Open since 1957 in the Hill neighborhood of St. Louis, Rigazzi’s looks like a movie set, replete with red and white checkered tablecloths, hanging stained glass and globe chandeliers over each table, and every square inch of wall space covered in newspaper articles, sports memorabilia and celebrity pictures.  I even sat next to a giant, fiberglass Al Capone.  
We ate lunch here one day before Christmas and found it extremely quiet, though I know it is bustling in the evening.  Service was lightning fast, so fast in fact that I am sure much was prepared and waiting for us.  The first dish was a St. Louis standard – toasted ravioli.  Rigazzi’s version of this local classic is one of the better.  The breading was minimal and most of the flavor came from the actual ravioli.  They were relatively small and completely full with a meat mixture.  The marinara sauce it was served with was pretty good, not too sweet and with a little meat.  This was accompanied by a salad that was predominately white with iceberg lettuce.  Nuff said.

Our entrees were simple - spaghetti and meatballs and a deep fried piece of catfish with a side of another St. Louis standard – mostaccioli.  The catfish was the size of a plate, battered with cornmeal and was quite good.  The spaghetti and meatballs were completely over-sauced (see stereotype) but delicious.  The meatballs were smooth, soft and fine with the mildest of herbs and spices.  The great quantity of sauce was mild, containing small pieces of meat, and not at all overly sweet.  In fact, I was pleasantly surprised by the sauce.  I just wish there weren’t so much of it.  Though it did give me an excuse to consume most of the rather weak baguette we were served.  Now the mostaccioli… to most of the world mostaccioli is a pasta shape  – tubular, smooth and about 2 inches long.  In St. Louis it is a specific dish – mostaccioli sauced by a heavy, tomato paste-dominated sauce and baked.  It is the butt of jokes by non-St. Louisans and more than one person has commented that you know you are from St. Louis if your wedding featured the dish (along with toasted ravioli).  Rigazzi’s version was a pleasant surprise.  The sauce appeared to be the same meat sauce as the spaghetti and meatballs and the toasted ravioli’s dipping sauce.  It was not a goopy, sweat mess, but a respectable sauce resembling a simple bolognese.  Nor was Rigazzi’s version baked.  Most interesting, it didn’t even feature mostaccioli, but instead used penne rigate, mostaccioli’s ridged cousin.  This shape held the sauce much better than the traditional version would.              

For dessert we shared a Black and White – vanilla and chocolate hazelnut gelatos.  The serving was just right to share.  While the vanilla was lacking, the baccio, chocolate hazelnut was flavorful, but light as chocolates go.   

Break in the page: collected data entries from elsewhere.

Lemma wmat_ge0 n N (pi : 'I_n -> 'M[C]_n) (L : 'I_N -> 'M[C]_n) :
  (forall j, pi j *m pi j = pi j) -> (forall j, dag (pi j) = pi j) ->
  forall j k, 0 <= wmat pi L j k.
Proof. by move=> pi_idem pi_herm j k; apply: sumr_ge0 => a _; apply: mxtrace_proj_ge0. Qed.

End Adjoint.

Section KappaBasis.
Variables (K : numClosedFieldType) (n : nat) (w : 'I_n -> 'I_n -> K).
Hypothesis w_ge0 : forall j k, 0 <= w j k.
Local Notation B := (basins (edgeG w)).

Lemma sum_kappa'_basin (c : {set 'I_n} -> K) S x : S \in B -> x \in S ->
  (\sum_(S' in B) c S' *: kappa' w S') x 0 = c S * forest_weight w.
Proof.
move=> SB xS; have xNb : x \in NB (edgeG w) by apply/bigcupP; exists S.
rewrite summxE (bigD1 S) //= big1 ?addr0 => [|S' /andP [S'B S'S]]; rewrite mxE kappa'E //;
  by rewrite absorb_weight_NB // (mem_basin _ SB xS) // ?eqxx // (negPf S'S) mulr0.
Qed.

Lemma kappa'_free (c : {set 'I_n} -> K) :
  \sum_(S in B) c S *: kappa' w S = 0 -> forall S, S \in B -> c S = 0.
Proof.
move=> c0 S SB; have [x xS] := basin_nonempty SB.
have := sum_kappa'_basin c SB xS; rewrite c0 mxE => /esym/eqP.
by rewrite mulf_eq0 (gt_eqF (forest_weight_gt0 w_ge0)) orbF => /eqP.
Qed.

End KappaBasis.

Lemma kernel_Omega_span (R : rcfType) n (w : 'I_n -> 'I_n -> R[i]) (v : 'cV[R[i]]_n) :
  (forall j k, 0 <= w j k) -> (Omega w)^T *m v = 0 ->
  exists c, v = \sum_(S in basins (edgeG w)) c S *: kappa' w S.
Proof.
move=> w_ge0 Hv; have Z_neq0 := lt0r_neq0 (forest_weight_gt0 w_ge0).
pose c (S : {set 'I_n}) := if [pick x in S] is Some x then v x 0 / forest_weight w else 0.
exists c; apply/eqP; rewrite -subr_eq0; apply/eqP/colP => x; rewrite [RHS]mxE.
set u := v - _; apply: (@harmonicC_eq0 _ _ w w_ge0 (fun x => u x 0)).
  by apply/trmx_Omega_mul_eq0; rewrite mulmxBr Hv span_kappa'_harmonic subrr.
move=> S SB; have [x0 x0S] := basin_nonempty SB.
suff [z zS cS] : exists2 z, z \in S & c S = v z 0 / forest_weight w.
  by exists z; rewrite // !mxE (sum_kappa'_basin c SB zS) cS mulfVK // subrr.
by rewrite /c; case: pickP => [z zS | /(_ x0)]; [exists z | rewrite x0S].
Qed.

Theorem mainTheorem5 (R : realType) (n N : nat)
  (L : 'I_N -> 'M[R[i]]_n) (pi : 'I_n -> 'M[R[i]]_n) :
  (0 < n)%N ->
  (forall j, pi j *m pi j = pi j) ->
  (forall j, dag (pi j) = pi j) ->
  (forall j, \rank (pi j) = 1%N) ->
  (forall j k, j != k -> pi j *m pi k = 0) ->
  let w := wmat pi L in
  let B := basins (edgeG w) in
  (forall c : {set 'I_n} -> R[i],
      \sum_(S in B) c S *: kappa' w S = 0 -> forall S, S \in B -> c S = 0) /\
  (forall v : 'cV[R[i]]_n,
      (Omega w)^T *m v = 0 <->
      exists c : {set 'I_n} -> R[i], v = \sum_(S in B) c S *: kappa' w S).
Proof.
move=> _ pi_idem pi_herm _ _ w B; have w_ge0 := wmat_ge0 L pi_idem pi_herm.
split=> [|v]; first exact: kappa'_free.
split; first exact: kernel_Omega_span.
by case=> c ->; apply: span_kappa'_harmonic.
Qed.
(* Let $(W,S)$ be a Coxeter system with $S$ finite, $\phi:\operatorname{Ad}(Q_W)\to W$ the homomorphism $e_x\mapsto x$, and $C_W=\ker\phi$. Then $C_W$ is a central subgroup of $\operatorname{Ad}(Q_W)$.
   Context: A Coxeter system $(W,S)$: $S$ finite, $m:S\times S\to\mathbb{N}\cup\{\infty\}$ with $m(s,s)=1$, $2\le m(s,t)=m(t,s)\le\infty$ for $s\ne t$, $W=\langle s\in S\mid (st)^{m(s,t)}=1\ (m(s,t)<\infty)\rangle$. The Coxeter quandle is $Q_W=\bigcup_{w\in W}w^{-1}Sw$ with $x\ast y=yxy$, and $\operatorname{Ad}(Q_W)=\langle e_x\ (x\in Q_W)\mid e_y^{-1}e_xe_y=e_{x\ast y}\rangle$; $\phi$ is well defined. *)

(* groups given by presentations are
   encoded as words modulo the congruence generated by the relators. *)
From mathcomp Require Import all_boot.
Set Implicit Arguments. Unset Strict Implicit. Unset Printing Implicit Defensive.

Inductive cong (A : Type) (R : seq A -> seq A -> Prop) : seq A -> seq A -> Prop :=
| cong_base u v : R u v -> cong R u v
| cong_refl u : cong R u u
| cong_sym u v : cong R u v -> cong R v u
| cong_trans u v w : cong R u v -> cong R v w -> cong R u w
| cong_ctx a b u v : cong R u v -> cong R (a ++ u ++ b) (a ++ v ++ b).

(* Coxeter matrix: None stands for infinity. *)
Definition coxeter_matrix (S : finType) (m : S -> S -> option nat) : Prop :=
  (forall s, m s s = Some 1%N) /\
  (forall s t, m s t = m t s) /\
  (forall s t k, s <> t -> m s t = Some k -> 2 <= k).

Definition W_rel (S : finType) (m : S -> S -> option nat) (u v : seq S) : Prop :=
  exists s t k, m s t = Some k /\ u = flatten (nseq k [:: s; t]) /\ v = [::].

Definition weq (S : finType) (m : S -> S -> option nat) : seq S -> seq S -> Prop :=
  cong (W_rel m).

(* A pair (w, s) represents the element w^{-1} s w of Q_W (as a word; the
   inverse of a word in involutive generators is its reverse).  Every
   element of Q_W is of this form. *)
Definition refl_word (S : finType) (p : seq S * S) : seq S := rev p.1 ++ p.2 :: p.1.

(* Quandle operation x * y = y x y on representatives:
   (w'^{-1} s' w')(w^{-1} s w)(w'^{-1} s' w') = u^{-1} s u, u = w w'^{-1} s' w'. *)
Definition qop (S : finType) (p q : seq S * S) : seq S * S :=
  (p.1 ++ refl_word q, p.2).

(* Letters of Ad(Q_W): (representative, sign); sign true = e_x, false = e_x^{-1}. *)
Definition Ad_rel (S : finType) (m : S -> S -> option nat)
  (u v : seq ((seq S * S) * bool)) : Prop :=
  (exists p b, u = [:: (p, b); (p, ~~ b)] /\ v = [::]) \/
  (* generators indexed by elements of Q_W: e_p = e_q when p, q represent
     the same element of W *)
  (exists p q, weq m (refl_word p) (refl_word q) /\ u = [:: (p, true)] /\ v = [:: (q, true)]) \/
  (exists p q, u = [:: (q, false); (p, true); (q, true)] /\ v = [:: (qop p q, true)]).

Definition adeq (S : finType) (m : S -> S -> option nat) :
  seq ((seq S * S) * bool) -> seq ((seq S * S) * bool) -> Prop := cong (Ad_rel m).

Definition phi (S : finType) (a : seq ((seq S * S) * bool)) : seq S :=
  flatten (map (fun l : (seq S * S) * bool =>
    if l.2 then refl_word l.1 else rev (refl_word l.1)) a).

(* For every x in Q_W and a in Ad(Q_W) one has e_x a = a e_{x * phi(a)}, where
   x * w := w^{-1} x w: move e_x to the right one letter at a time using the
   quandle relation.  If phi(a) = 1 then x * phi(a) = x, so a commutes with every
   generator e_x, hence with their inverses and with all of Ad(Q_W). *)
From mathcomp Require Import all_boot.
Set Implicit Arguments. Unset Strict Implicit. Unset Printing Implicit Defensive.

Section Congruence.
Variables (A : Type) (R : seq A -> seq A -> Prop).

Lemma cong_catl (a u v : seq A) : cong R u v -> cong R (a ++ u) (a ++ v).
Proof. by move=> /(cong_ctx a [::]); rewrite !cats0. Qed.

Lemma cong_catr (b u v : seq A) : cong R u v -> cong R (u ++ b) (v ++ b).
Proof. exact: cong_ctx [::] b u v. Qed.

Lemma cong_comm_cat (a x y : seq A) :
  cong R (a ++ x) (x ++ a) -> cong R (a ++ y) (y ++ a) ->
  cong R (a ++ x ++ y) ((x ++ y) ++ a).
Proof.
move=> ax ay; rewrite [a ++ _]catA.
apply: cong_trans (cong_catr y ax) _; rewrite -!catA.
exact: cong_catl.
Qed.

Lemma cong_comm_inv (a x y : seq A) :
  cong R (x ++ y) [::] -> cong R (y ++ x) [::] ->
  cong R (a ++ x) (x ++ a) -> cong R (a ++ y) (y ++ a).
Proof.
move=> xy yx ax.
have yxa : cong R (y ++ x ++ a ++ y) (a ++ y).
  by have := cong_ctx [::] (a ++ y) yx; rewrite /= -catA.
apply: cong_trans (cong_sym yxa) _.
have := cong_ctx y y (cong_sym ax); rewrite -!catA => /cong_trans; apply.
by have := cong_ctx (y ++ a) [::] xy; rewrite !cats0 -!catA.
Qed.

End Congruence.

Lemma refl_word_rev (S : finType) (p : seq S * S) : rev (refl_word p) = refl_word p.
Proof. by rewrite /refl_word rev_cat rev_cons revK -cats1 -catA. Qed.

Lemma refl_word_conj (S : finType) (p : seq S * S) (u : seq S) :
  refl_word (p.1 ++ u, p.2) = rev u ++ refl_word p ++ u.
Proof. by rewrite /refl_word /= rev_cat -!catA. Qed.

Section Coxeter.
Variables (S : finType) (m : S -> S -> option nat).
Hypothesis hm : coxeter_matrix m.

Lemma weq_rev (u v : seq S) : weq m u v -> weq m (rev u) (rev v).
Proof.
case: hm => _ [m_sym _]; elim=> {u v}.
- move=> _ _ [s [t [k [mst [-> ->]]]]]; apply: cong_base.
  exists t, s, k; split; first by rewrite m_sym.
  by rewrite rev_flatten map_nseq rev_nseq.
- by move=> u; apply: cong_refl.
- by move=> u v _; apply: cong_sym.
- by move=> u v w _ uv _; apply: cong_trans uv.
- by move=> a b u v _ uv; rewrite !rev_cat -!catA; apply: cong_ctx.
Qed.

Lemma weq_sqr (s : S) : weq m [:: s; s] [::].
Proof. by case: hm => mss _; apply: cong_base; exists s, s, 1. Qed.

Lemma weq_cat_rev (w : seq S) : weq m (w ++ rev w) [::].
Proof.
elim: w => [|t w IH] /=; first exact: cong_refl.
rewrite rev_cons -cats1; apply: cong_trans (weq_sqr t).
by have := cong_ctx [:: t] [:: t] IH; rewrite -catA.
Qed.

Lemma weq_refl_word_sqr (p : seq S * S) : weq m (refl_word p ++ refl_word p) [::].
Proof. by have := weq_cat_rev (refl_word p); rewrite refl_word_rev. Qed.

Lemma weq_refl_word_conj (p : seq S * S) (u : seq S) :
  weq m u [::] -> weq m (refl_word (p.1 ++ u, p.2)) (refl_word p).
Proof.
move=> u1; rewrite refl_word_conj.
have := cong_ctx [::] (refl_word p ++ u) (weq_rev u1) => /cong_trans; apply.
by have := cong_ctx (refl_word p) [::] u1; rewrite !cats0.
Qed.

End Coxeter.

Section Adjoint.
Variables (S : finType) (m : S -> S -> option nat).
Hypothesis hm : coxeter_matrix m.

Local Notation letter := ((seq S * S) * bool)%type.

Lemma adeq_cancel (p : seq S * S) (b : bool) : adeq m [:: (p, b); (p, ~~ b)] [::].
Proof. by apply: cong_base; left; exists p, b. Qed.

Lemma adeq_conj (p q : seq S * S) :
  adeq m [:: (q, false); (p, true); (q, true)] [:: (qop p q, true)].
Proof. by apply: cong_base; right; right; exists p, q. Qed.

Lemma adeq_gen (p q : seq S * S) :
  weq m (refl_word p) (refl_word q) -> adeq m [:: (p, true)] [:: (q, true)].
Proof. by move=> pq; apply: cong_base; right; left; exists p, q. Qed.

Lemma adeq_gen_conj (p : seq S * S) (u : seq S) :
  weq m u [::] -> adeq m [:: ((p.1 ++ u, p.2), true)] [:: (p, true)].
Proof. by move=> u1; apply/adeq_gen/weq_refl_word_conj. Qed.

Lemma adeq_swap_pos (p q : seq S * S) :
  adeq m [:: (p, true); (q, true)] [:: (q, true); (qop p q, true)].
Proof.
apply: cong_trans (cong_catr _ (cong_sym (adeq_cancel q true))) _.
exact: cong_catl [:: (q, true)] _ _ (adeq_conj p q).
Qed.

(* qop (qop p q) q represents p, since refl_word q is an involution in W. *)
Lemma adeq_swap_neg (p q : seq S * S) :
  adeq m [:: (p, true); (q, false)] [:: (q, false); (qop p q, true)].
Proof.
have rq_p : adeq m [:: (qop (qop p q) q, true)] [:: (p, true)].
  by rewrite /qop -catA; apply/adeq_gen_conj/weq_refl_word_sqr.
apply: cong_sym.
apply: cong_trans (cong_catl [:: (q, false); (qop p q, true)]
                     (cong_sym (adeq_cancel q true))) _.
exact: cong_catr [:: (q, false)] _ _ (cong_trans (adeq_conj _ q) rq_p).
Qed.

Lemma adeq_swap (p q : seq S * S) (b : bool) :
  adeq m [:: (p, true); (q, b)] [:: (q, b); (qop p q, true)].
Proof. by case: b; [apply: adeq_swap_pos | apply: adeq_swap_neg]. Qed.

Lemma phi_cons (l : letter) (a : seq letter) : phi (l :: a) = refl_word l.1 ++ phi a.
Proof. by case: l => p [|]; rewrite /phi //= refl_word_rev. Qed.

Lemma adeq_slide (a : seq letter) (p : seq S * S) :
  adeq m ((p, true) :: a) (a ++ [:: ((p.1 ++ phi a, p.2), true)]).
Proof.
elim: a p => [|[q b] a IH] p /=; first by rewrite cats0 -surjective_pairing; apply: cong_refl.
apply: cong_trans (cong_catr a (adeq_swap p q b)) _.
by have := cong_catl [:: (q, b)] (IH (qop p q)); rewrite phi_cons /= catA.
Qed.

Lemma adeq_kernel_comm_gen (a : seq letter) (p : seq S * S) :
  weq m (phi a) [::] -> adeq m (a ++ [:: (p, true)]) ([:: (p, true)] ++ a).
Proof.
move=> a1; apply: cong_sym; apply: cong_trans (adeq_slide a p) _.
exact/cong_catl/adeq_gen_conj.
Qed.

Lemma adeq_kernel_comm_letter (a : seq letter) (l : letter) :
  weq m (phi a) [::] -> adeq m (a ++ [:: l]) ([:: l] ++ a).
Proof.
case: l => p [|] a1; first exact: adeq_kernel_comm_gen.
apply: (@cong_comm_inv _ _ _ [:: (p, true)]).
- exact: adeq_cancel p true.
- exact: adeq_cancel p false.
- exact: adeq_kernel_comm_gen.
Qed.

End Adjoint.

Theorem lemma2p5 (S : finType) (m : S -> S -> option nat)
  (hm : coxeter_matrix m) :
  forall a : seq ((seq S * S) * bool), weq m (phi a) [::] ->
  forall b : seq ((seq S * S) * bool), adeq m (a ++ b) (b ++ a).
Proof.
move=> a a1; elim=> [|l b IH]; first by rewrite cats0; apply: cong_refl.
exact: cong_comm_cat [:: l] b (adeq_kernel_comm_letter hm l a1) IH.
Qed.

Rigazzi’s proved a casual, quiet lunch spot with dependable if not spectacular food.  And their versions of St. Louis standards are actually better than most I have had.  Service was kind, helpful but rushed, but prices were excellent, as lunch barely topped $30.  If you are new to St. Louis or just visiting, Rigazzi’s will be a good introduction to a few required local favorites.